Needing more books like I need another hole in my head, I nevertheless visited my local bookshop (after an impressive three week abstinence period).

No, I haven’t read Thomas Browne’s Urn Burial yet. I’m a sucker for New Directions’ back stock, I just finished Crime & Punishment, and Gide’s book looks cool. Plus it was like a dollar.

I spied the Might Magazine collection—I knew Might as Dave Eggers’s first venture. I picked it up for the (very short) David Foster Wallace essay “Hail the Returning Dragon, Clothed in New Fire”—which, incidentally, doesn’t appear to be is collected in the forthcoming collection Both Flesh and Not under the new not-as-Game of Thronesish title “Back in New Fire.” 



  1. Crasser than thou · October 25, 2012

    I know you’re fond of anonymity but I would love to know more of the biblioklept story…. how do you obtain so many wonderful tomes?
    Is the clue in your blogger name?


  2. Crasser than thou · October 25, 2012

    Well, yes book shop… answers one of the questions. I wish I had disposable income.


    • Biblioklept · October 25, 2012

      I’m not really so anonymous . . . my name is Edwin Turner; I’ve signed it to every review the site has run (accept the ones written by guest reviewers) and it’s also there on the “About Us” page. Most of what runs on the site, including these “Books Acquired” posts, I attribute to simply Biblioklept.
      As far as acquiring the books—
      I live 1.2 miles from an enormous used bookstore that holds around 1.6 million books. I get lots of review copies that that bookstore turns into book credit.


  3. Jay · October 25, 2012


    I have a question: Whenever you get the time, could you do a post on how you go about writing your reviews? What is your process while reading the book? Do you take copious notes while reading, or do the reviews happen mostly from memory? How do you translate your reading into a meaningful review?

    I am a philosophy major, and my time was spent reading shorter/denser works, taking the core ideas, and expanding those ideas into longer-form, argumentative papers. Writing reviews or interesting papers on entire works of fiction has been difficult for me, because it seems to go the opposite way, i.e., taking larger works filled with all sorts of diverse ideas and summarizing them into some sort of short, cogent review (that hopefully adds a bunch of related ideas in the process).

    BTW, if this can be handled in the comment section here (rather than putting it up as a post on the site), that is fine with me as well.

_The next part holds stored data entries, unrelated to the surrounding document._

Lemma reversal_of_not_prec X Y : classical X -> classical Y -> X <> Y -> ~ prec X Y ->
  exists w, inZ w /\ 0 < fst w /\ 0 < snd w /\ reversal X Y w.
Proof.
  intros hX hY hne hn. apply NNPP. intro hno. apply hn. split; auto.
  intros z hz x [hx hle] hYx. apply NNPP. intro hXx.
  destruct hle as [e|hlt].
  - subst x. apply hXx, pref_refl; auto.
  - apply hno. exists z. unfold ltZ in hlt. unfold inZ in hx.
    split; [auto|split; [lra|split; [lra|]]]. apply (reversal_of_not_pref X Y hX hY x z); auto.
Qed.

(* Two interior reversals in opposite directions are joined through the corner
   [(fst w1, snd w2)] by segments of interior points. *)
Lemma prec_total X Y : classical X -> classical Y -> single_crossing X Y -> X <> Y ->
  prec X Y \/ prec Y X.
Proof.
  intros hX hY hs hne. apply NNPP. intro hn.
  destruct (reversal_of_not_prec X Y hX hY hne) as [w1 [hw1 [a1 [b1 hr1]]]]; [tauto|].
  destruct (reversal_of_not_prec Y X hY hX (not_eq_sym hne)) as [w2 [hw2 [a2 [b2 hr2]]]]; [tauto|].
  set (c := (fst w1, snd w2)).
  assert (hc : inZ c) by (unfold c; unfold_Z; lra).
  destruct (reversal_at_interior X Y c) as [h|h]; auto using single_crossing_at_all;
    try (unfold c; simpl; lra).
  - apply (reversal_along_segment X Y c w2); auto; unfold c; simpl; lra.
  - apply (reversal_along_segment X Y w1 c); auto; unfold c; simpl; lra.
Qed.

(** * Rich single-crossing domains *)

(* The segment from [(fst c, snd d)] to [(fst d, snd c)]: price rises and quantity
   falls along it, so every preference strictly ranks its points in order. *)
Definition antidiag (c d : R * R) (l : R) : R * R := segment (fst c, snd d) (fst d, snd c) l.

Lemma antidiag_inZ c d l : inZ c -> inZ d -> 0 <= l <= 1 -> inZ (antidiag c d l).
Proof. intros hc hd hl. apply segment_inZ; auto; unfold_Z; lra. Qed.

Lemma antidiag_above c d l : ltZ c d -> 0 < l < 1 -> ltZ c (antidiag c d l).
Proof. unfold antidiag, segment, ltZ; simpl. intros h hl. split; nra. Qed.

Lemma antidiag_strict P c d l m : classical P -> inZ c -> inZ d -> ltZ c d ->
  0 <= l -> l < m -> m <= 1 -> strictP P (antidiag c d l) (antidiag c d m).
Proof.
  intros hP hc hd hlt h1 h2 h3.
  assert (hl : inZ (antidiag c d l)) by (apply antidiag_inZ; auto; lra).
  assert (hm : inZ (antidiag c d m)) by (apply antidiag_inZ; auto; lra).
  unfold antidiag, segment in *; simpl in *. unfold ltZ in hlt.
  apply strict_pref_dominating; auto; try nra.
  intro he. injection he. intros. nra.
Qed.

Lemma antidiag_indiff_exists X c d : classical X -> inZ c -> inZ d -> ltZ c d ->
  exists l, 0 < l < 1 /\ indiff X c (antidiag c d l).
Proof.
  intros hX hc hd hlt. destruct c as [tc qc], d as [td qd]. unfold ltZ in hlt; simpl in hlt.
  assert (ha : inZ (tc, qd)) by (unfold_Z; lra).
  assert (hb : inZ (td, qc)) by (unfold_Z; lra).
  destruct (pref_ivt X hX (tc, qd) (td, qc) (tc, qc)) as [l [hl hi]]; auto.
  - apply strict_pref_more; auto. lra.
  - apply strict_pref_cheaper; auto. lra.
  - exists l. split; auto. apply indiff_sym. exact hi.
Qed.

Lemma prec_pref_up Y R' x z : classical Y -> classical R' -> inZ x -> inZ z -> ltZ x z ->
  prec Y R' -> Y z x -> R' z x.
Proof.
  intros hY hR hx hz hlt [_ hp] h.
  destruct x as [tx qx], z as [tz qz]. unfold ltZ in hlt; simpl in hlt.
  destruct (Un_cv_from_above tx tz) as [u [hu [_ hucv]]]; [lra|].
  apply (pref_limit_r R' hR (tz, qz) (fun n => (u n, qx))); auto.
  - intro n. specialize (hu n).
    assert (hzn : inZ (u n, qx)) by (unfold_Z; lra).
    assert (hs : strictP Y (tz, qz) (u n, qx)).
    { apply (pref_strict_trans Y hY _ (tx, qx)); auto. apply strict_pref_cheaper; auto; lra. }
    destruct (pref_total R' hR (tz, qz) (u n, qx) hz hzn) as [k|k]; auto.
    exfalso. apply (strictP_asym _ _ _ hs). apply (hp (tz, qz) hz (u n, qx)); auto.
    split; auto. right. unfold_Z; lra.
  - split; simpl; auto using Un_cv_const.
Qed.

Section RichDomain.

Variable dom : Pref -> Prop.
Hypothesis Hdom : rich_single_crossing dom.

Lemma dom_classical X : dom X -> classical X.
Proof. destruct Hdom as [h _]. auto. Qed.

Lemma dom_prec_total X Y : dom X -> dom Y -> X <> Y -> prec X Y \/ prec Y X.
Proof.
  destruct Hdom as [_ [hsc _]]. intros hX hY hne.
  apply prec_total; auto using dom_classical.
Qed.

Lemma dom_indiff_unique X Y x y : dom X -> dom Y -> inZ y -> ltZ x y ->
  indiff X x y -> indiff Y x y -> X = Y.
Proof.
  destruct Hdom as [_ [hsc _]]. intros hX hY hy hlt h1 h2. apply NNPP. intro hne.
  assert (hXy := pref_refl X (dom_classical X hX) y hy).
  assert (hYy := pref_refl Y (dom_classical Y hY) y hy).
  assert (e := hsc X Y hX hY hne y y x y h1 h2 (conj hXy hXy) (conj hYy hYy)).
  subst. unfold ltZ in hlt. lra.
Qed.

Lemma prec_of_pref_gap X Y x z : dom X -> dom Y -> inZ z -> ltZ x z ->
  X x z -> ~ Y x z -> prec X Y.
Proof.
  intros hX hY hz hlt h1 h2.
  assert (hne : X <> Y) by (intro e; subst; auto).
  destruct (dom_prec_total X Y hX hY hne) as [h|[_ h]]; auto.
  exfalso. apply h2, (h z hz x); auto.
  split; [exact (proj1 (pref_inZ X (dom_classical X hX) x z h1))|right; auto].
Qed.

Section Antidiagonal.

Variables c d : R * R.
Hypothesis hc : inZ c.
Hypothesis hd : inZ d.
Hypothesis hcd : ltZ c d.

Lemma prec_of_antidiag_lt X Y m n : dom X -> dom Y -> 0 < m -> n < 1 -> m < n ->
  indiff X c (antidiag c d m) -> indiff Y c (antidiag c d n) -> prec X Y.
Proof.
  intros hX hY hm hn hmn hi1 hi2.
  apply (prec_of_pref_gap X Y c (antidiag c d m)); auto.
  - apply antidiag_inZ; auto; lra.
  - apply antidiag_above; auto; lra.
  - apply hi1.
  - intro h. apply (strictP_asym Y (antidiag c d m) c); auto.
    apply (strict_pref_trans Y (dom_classical Y hY) _ (antidiag c d n)); [|apply hi2].
    apply antidiag_strict; auto using dom_classical; lra.
Qed.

  4. Travis McGee · October 25, 2012

    I can think of a reason for non-inclusion of that DFW essay – it’s not very good. It effectively trivializes the suffering of people for the sake of some highly contrived thesis about how AIDS makes sex more exciting.


  5. Matt Bucher · October 25, 2012

    The DFW essay is included in Both Flesh and Not, btw. They’ve retitled for the collection “Back in New Fire.”
    I think the thesis of the essay can easily be misinterpreted since it makes the claim that AIDS is a blessing of sorts.


    • Biblioklept · October 25, 2012

      Ah…thanks. If only Little, Brown were nicer about sending me review copies I wouldn’t make these terrible errors. Thanks. Matt.